Part 4: Topic Classification of Social Media

Workshop: Social Media, Data Science, & Cartograpy
Alexander Dunkel, Madalina Gugulica

This is the fourth notebook in a series of four notebooks:

  1. Introduction to Social Media data, jupyter and python spatial visualizations
  2. Introduction to privacy issues with Social Media data and possible solutions for cartographers
  3. Specific visualization techniques example: TagMaps clustering
  4. Specific data analysis: Topic Classification

Open these notebooks through the file explorer on the left side.

For this notebook, we use a another environment that must be linked first.

In [ ]:
!cd .. && sh activate_topic_env.sh

Introduction: Social Media & Topic-based text classification

The content social media users share on different platforms is extremely diverse encompassing a very wide range of topics including valuable information related to the way people perceive, relate to and use different environments. In order to harness these large volumes of data, specific tools and techniques to organize, search and understand these vast quantities of information are needed.</br>

Text classification is a Natural Language Processing task that aims at mapping documents (in our case social media posts) into a set of predefined categories. Supervised machine learning classifiers have shown great success in performing these tasks. Nevertheless, they require large volumes of labeled data for training, which are generally not available for social media data and can be very time-consuming and expensive to obtain.</br>

This notebook introduces a practical and unsupervised approach (which requires no labeled data) to thematically classify social media posts into specific categories (topics) simply described by a label. The underlying assumption of this approach is that Word Embeddings can be used to classify documents when no labeled training data is available. </br>

The method is based on the comparison of the textual semantic similarity between the most relevant words in each social media post and a list of keywords for each targeted category reflecting its semantics field (in linguistics, a semantic field is a set of words grouped by their meaning, that refers to a specific subject). The strenght of this approach is represented by its simplicity, however, its success depends on a good definition for each topic reflected in the list of keywords.</br>

Methodology

How do we make machines understand text data? It is generally known that machines are experts when dealing and working with numerical data but their performance decreases if they are fed raw text data.

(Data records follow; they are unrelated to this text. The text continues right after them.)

Lemma Gamma_partial_bounded_above s : exists M, forall x, 1 <= x -> Gamma_partial s x <= M.
Proof.
  destruct (gamma_integrand_le_exp_half s) as [C [HC0 HC]].
  exists (2 * C * exp (- 1 / 2)). intros x Hx.
  assert (Hle := RInt_le_antiderivative (gamma_integrand s) (fun t => C * exp (- t / 2))
                   (fun t => -2 * C * exp (- t / 2)) 1 x Hx).
  pose proof (exp_pos (- x / 2)).
  unfold Gamma_partial.
  enough (RInt (gamma_integrand s) 1 x <= -2 * C * exp (- x / 2) - -2 * C * exp (- 1 / 2)) by nra.
  apply Hle.
  - apply ex_RInt_gamma_integrand; lra.
  - intros t _. auto_derive; auto. unfold Rdiv. field.
  - intros t _. apply (ex_derive_continuous (V := R_NormedModule)). auto_derive; auto.
  - intros t Ht. apply HC. lra.
Qed.

Lemma Gamma_partial_bounded_below s x : 0 < s -> 0 < x <= 1 -> - (1 / s) <= Gamma_partial s x.
Proof.
  intros Hs Hx.
  assert (Hle := RInt_le_antiderivative (gamma_integrand s) (fun t => Rpower t (s - 1))
                   (fun t => Rpower t s / s) x 1 (proj2 Hx)).
  rewrite <- (Rminus_0_r (Gamma_partial s x)).
  replace 0 with (Gamma_partial s 1) by apply (RInt_point (V := R_CompleteNormedModule)).
  enough (Hint : Gamma_partial s 1 - Gamma_partial s x <= 1 / s - Rpower x s / s).
  { assert (0 < Rpower x s / s) by (apply Rdiv_lt_0_compat; [apply Rpower_pos | lra]). lra. }
  rewrite Gamma_partial_sub by lra.
  replace (1 / s) with (Rpower 1 s / s) by now rewrite Rpower_1_l.
  apply Hle.
  - apply ex_RInt_gamma_integrand; lra.
  - intros t Ht. auto_derive; [eexists; apply is_derive_Rpower; lra|].
    rewrite Derive_Rpower by lra. field. lra.
  - intros t Ht. apply (ex_derive_continuous (V := R_NormedModule)).
    eexists. apply is_derive_Rpower. lra.
  - intros t Ht. apply gamma_integrand_le_Rpower. lra.
Qed.

Lemma is_RInt_gamma_integrand_ex s : 0 < s ->
  exists l, 0 < l /\ is_RInt_0_pinfty (gamma_integrand s) l.
Proof.
  intros Hs.
  destruct (Gamma_partial_bounded_above s) as [M HM].
  destruct (incr_bounded_lim_p_infty (Gamma_partial s) M) as [Lb [HLb HLb_ge]]; auto.
  { intros x y Hxy. apply Gamma_partial_incr. lra. }
  destruct (incr_bounded_lim_0 (Gamma_partial s) (- (1 / s))) as [La [HLa HLa_le]].
  { intros x y Hxy _. now apply Gamma_partial_incr. }
  { intros x Hx. now apply Gamma_partial_bounded_below. }
  exists (Lb - La). split.
  - assert (H12 : 0 < RInt (gamma_integrand s) 1 2).
    { apply RInt_gt_0; [lra | intros; apply gamma_integrand_pos |].
      intros t Ht. apply gamma_integrand_continuous. lra. }
    rewrite <- Gamma_partial_sub in H12 by lra.
    specialize (HLb_ge 2 ltac:(lra)). specialize (HLa_le 1 ltac:(lra)). lra.
  - apply (is_RInt_0_pinfty_derive (Gamma_partial s)); auto.
    + apply is_derive_Gamma_partial.
    + apply gamma_integrand_continuous.
Qed.

Lemma is_RInt_Gamma s : 0 < s -> is_RInt_0_pinfty (gamma_integrand s) (Gamma s).
Proof.
  intros Hs. destruct (is_RInt_gamma_integrand_ex s Hs) as [l [_ Hl]].
  change (Gamma s) with (RInt_gen (gamma_integrand s) (at_right 0) (Rbar_locally p_infty)).
  rewrite (@is_RInt_gen_unique R_CompleteNormedModule _ _
             (Proper_StrongProper _ (at_right_proper_filter 0))
             (Proper_StrongProper _ (Rbar_locally_filter p_infty)) _ l Hl).
  exact Hl.
Qed.

Lemma Gamma_pos s : 0 < s -> 0 < Gamma s.
Proof.
  intros Hs. destruct (is_RInt_gamma_integrand_ex s Hs) as [l [Hl HI]].
  now rewrite (is_RInt_0_pinfty_unique _ _ _ (is_RInt_Gamma s Hs) HI).
Qed.

(* Integrate the derivative of [t ^ s e^(-t)], which vanishes at both ends. *)
Lemma Gamma_succ s : 0 < s -> Gamma (s + 1) = s * Gamma s.
Proof.
  intros Hs.
  assert (Hparts : is_RInt_0_pinfty
            (fun t => s * gamma_integrand s t - gamma_integrand (s + 1) t) (0 - 0)).
  { apply (is_RInt_0_pinfty_derive (gamma_integrand (s + 1))).
    - intros x Hx. now apply is_derive_gamma_integrand_succ.
    - intros x Hx. apply (ex_derive_continuous (V := R_NormedModule)).
      unfold gamma_integrand. replace (s + 1 - 1) with s by ring.
      auto_derive; repeat split; eexists; apply is_derive_Rpower; lra.
    - apply (filterlim_le_le (F := at_right 0) (fun _ => 0) _ (fun t => Rpower t s) 0).
      + exists (mkposreal 1 Rlt_0_1). intros t _ Ht. split.
        * apply Rlt_le, gamma_integrand_pos.
        * replace s with (s + 1 - 1) at 2 by ring. now apply gamma_integrand_le_Rpower.
      + apply filterlim_const.
      + now apply Rpower_at_right_0.
    - destruct (gamma_integrand_le_exp_half (s + 1)) as [C [_ HC]].
      apply (filterlim_le_le (F := Rbar_locally p_infty) (fun _ => 0) _
               (fun t => C * exp (- t / 2)) 0).
      + exists 1. intros t Ht. split; [apply Rlt_le, gamma_integrand_pos | apply HC; lra].
      + apply filterlim_const.
      + apply exp_half_at_p_infty. }
  assert (Hlin := is_RInt_gen_minus _ _ _ _ (is_RInt_gen_scal _ s _ (is_RInt_Gamma s Hs))
                    (is_RInt_Gamma (s + 1) ltac:(lra))).
  pose proof (is_RInt_0_pinfty_unique _ _ _ Hparts Hlin) as E.
  unfold minus, plus, opp, scal in E; simpl in E; unfold mult in E; simpl in E. lra.
Qed.

Lemma gamma_integrand_half_sq u t :
  gamma_integrand (u + 1 / 2) t ^ 2 = gamma_integrand u t * gamma_integrand (u + 1) t.
Proof.
  unfold gamma_integrand.
  replace (u + 1 / 2 - 1) with ((u - 1) / 2 + u / 2) by field.
  replace (u + 1 - 1) with (u / 2 + u / 2) by field.
  replace (u - 1) with ((u - 1) / 2 + (u - 1) / 2) at 2 by field.
  rewrite !Rpower_plus. ring.
Qed.

(* Cauchy-Schwarz for [t ^ ((u - 1) / 2) e^(-t/2)] and [t ^ (u / 2) e^(-t/2)]: the quadratic
   [l ^ 2 Gamma u - 2 l Gamma (u + 1/2) + Gamma (u + 1)] is nonnegative. *)
Lemma Gamma_half_sq_le u : 0 < u -> Gamma (u + 1 / 2) ^ 2 <= Gamma u * Gamma (u + 1).
Proof.
  intros Hu.
  pose proof (Gamma_pos u Hu) as HA.
  assert (Hhalf : 0 < u + 1 / 2) by lra. assert (Hsucc : 0 < u + 1) by lra.
  set (l := Gamma (u + 1 / 2) / Gamma u).
  pose proof (is_RInt_gen_plus _ _ _ _
                (is_RInt_gen_plus _ _ _ _
                   (is_RInt_gen_scal _ (l ^ 2) _ (is_RInt_Gamma u Hu))
                   (is_RInt_gen_scal _ (-2 * l) _ (is_RInt_Gamma _ Hhalf)))
                (is_RInt_Gamma _ Hsucc)) as Hquad.
  apply is_RInt_0_pinfty_ge0 in Hquad.
  - unfold plus, scal in Hquad; simpl in Hquad; unfold mult in Hquad; simpl in Hquad.
    replace (l * (l * 1) * Gamma u + -2 * l * Gamma (u + 1 / 2) + Gamma (u + 1))
      with (Gamma (u + 1) - Gamma (u + 1 / 2) ^ 2 / Gamma u) in Hquad by (unfold l; field; lra).
    apply (Rmult_le_compat_l (Gamma u)) in Hquad; [|lra].
    replace (Gamma u * (Gamma (u + 1) - Gamma (u + 1 / 2) ^ 2 / Gamma u))
      with (Gamma u * Gamma (u + 1) - Gamma (u + 1 / 2) ^ 2) in Hquad by (field; lra).
    lra.
  - intros t Ht. unfold plus, scal; simpl; unfold mult; simpl.
    pose proof (gamma_integrand_half_sq u t) as Hsq.
    pose proof (gamma_integrand_pos u t) as Hpos.
    pose proof (pow2_ge_0 (l * gamma_integrand u t - gamma_integrand (u + 1 / 2) t)).
    nra.
Qed.

Lemma Gamma_ratio_lower_bound x : 0 < x ->
  x ^ 2 * Gamma x ^ 2 <= (x + 1 / 2) * Gamma (x + 1 / 2) ^ 2.
Proof.
  intros Hx.
  pose proof (Gamma_half_sq_le (x + 1 / 2) ltac:(lra)) as Hcs.
  replace (x + 1 / 2 + 1 / 2) with (x + 1) in Hcs by field.
  rewrite Gamma_succ, Gamma_succ in Hcs by lra. nra.
Qed.

Lemma ln_Gamma_ratio_ge x : 0 < x ->
  2 * ln x - ln (x + 1 / 2) <= 2 * ln (Gamma (x + 1 / 2) / Gamma x).
Proof.
  intros Hx.
  pose proof (Gamma_pos x Hx). pose proof (Gamma_pos (x + 1 / 2) ltac:(lra)).
  assert (Hsq : x ^ 2 / (x + 1 / 2) <= (Gamma (x + 1 / 2) / Gamma x) ^ 2).
  { pose proof (Gamma_ratio_lower_bound x Hx).
    apply (Rmult_le_reg_r ((x + 1 / 2) * Gamma x ^ 2)); [apply Rmult_lt_0_compat; nra|].
    replace (x ^ 2 / (x + 1 / 2) * ((x + 1 / 2) * Gamma x ^ 2)) with (x ^ 2 * Gamma x ^ 2)
      by (field; lra).
    replace ((Gamma (x + 1 / 2) / Gamma x) ^ 2 * ((x + 1 / 2) * Gamma x ^ 2))
      with ((x + 1 / 2) * Gamma (x + 1 / 2) ^ 2) by (field; lra).
    assumption. }
  apply ln_le in Hsq; [|apply Rdiv_lt_0_compat; nra].
  rewrite ln_div, !ln_pow in Hsq by (try apply pow_lt; lra || apply Rdiv_lt_0_compat; lra).
  simpl INR in Hsq. lra.
Qed.

Lemma ln_add_half_sub_ln_lt x : 0 < x -> ln (x + 1 / 2) - ln x < 1 / (2 * x).
Proof.
  intros Hx. rewrite <- ln_div by lra.
  replace (1 / (2 * x)) with ((x + 1 / 2) / x - 1) by (field; lra).
  apply ln_lt_sub_1; [apply Rdiv_lt_0_compat; lra|].
  intros E. apply (Rmult_eq_compat_r x) in E. field_simplify in E; lra.
Qed.

Lemma N0_gamma_eq_exp g : 3 / 4 < g ->
  N0_gamma g
  = exp ((1 + (4 * g - 4) * ln (2 * g - 1) - (4 * g - 3) * ln (2 * g - 1 / 2)
          + 2 * ln (Gamma (2 * g - 1 / 2) / Gamma (2 * g - 1))) / (4 * g)).
Proof.
  intros Hg.
  unfold N0_gamma. replace (4 * g - 1) with (2 * (2 * g - 1 / 2)) by field.
  unfold Rpower. rewrite ln_mult by lra.
  unfold Rdiv. rewrite <- exp_Ropp, <- !exp_plus. f_equal. field. lra.
Qed.

(* With [x = 2g - 1] the log-convexity bound makes the exponent's numerator at least
   [1 - 2x (ln (x + 1/2) - ln x)], which is positive. *)
Lemma N0_gamma_gt_1 g : 3 / 4 < g -> 1 < N0_gamma g.
Proof.
  intros Hg.
  pose proof (ln_Gamma_ratio_ge (2 * g - 1) ltac:(lra)) as Hratio.
  pose proof (ln_add_half_sub_ln_lt (2 * g - 1) ltac:(lra)) as Hu.
  replace (2 * g - 1 + 1 / 2) with (2 * g - 1 / 2) in Hratio, Hu by field.
  apply (Rmult_lt_compat_l (4 * g - 2)) in Hu; [|lra].
  replace ((4 * g - 2) * (1 / (2 * (2 * g - 1)))) with 1 in Hu by (field; lra).
  rewrite N0_gamma_eq_exp, <- exp_0 at 1 by exact Hg.
  apply exp_increasing, Rdiv_lt_0_compat; lra.
Qed.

The idea is to create numerical representation of words that capture their meanings, semantic relationships and the different contexts they are used in. For the coversion of raw text into numbers, there are a few options out there. The simplest methodology when dealing with text is to create a word frequency matrix that simply counts the occurrence of each word ( bag-of-words). An enhance version of this method is to estimate the log scaled frequency of each word considering its occurrence in all documents (tf-idf). Nevertheless, these methods capture solely frequencies of words and no contextual information or high level semantics of text.

A recent advance on the field of Natural Language Processing proposed the use of word embeddings for the numerical representation of text.

The method adopted computes the semantic similarity between different words or group of words and determines which words are semantically related to each other and belong to the same semantic field. Furthermore, computing the distance in the vector space (cosine distance) between the centroid of the word vectors that belong to a certain topic (semantic field) and the centroid of the word vectors that compose a social media posts will allow us to verify if the textual metadata associated with the posts is related to a specific category (Binary Classification).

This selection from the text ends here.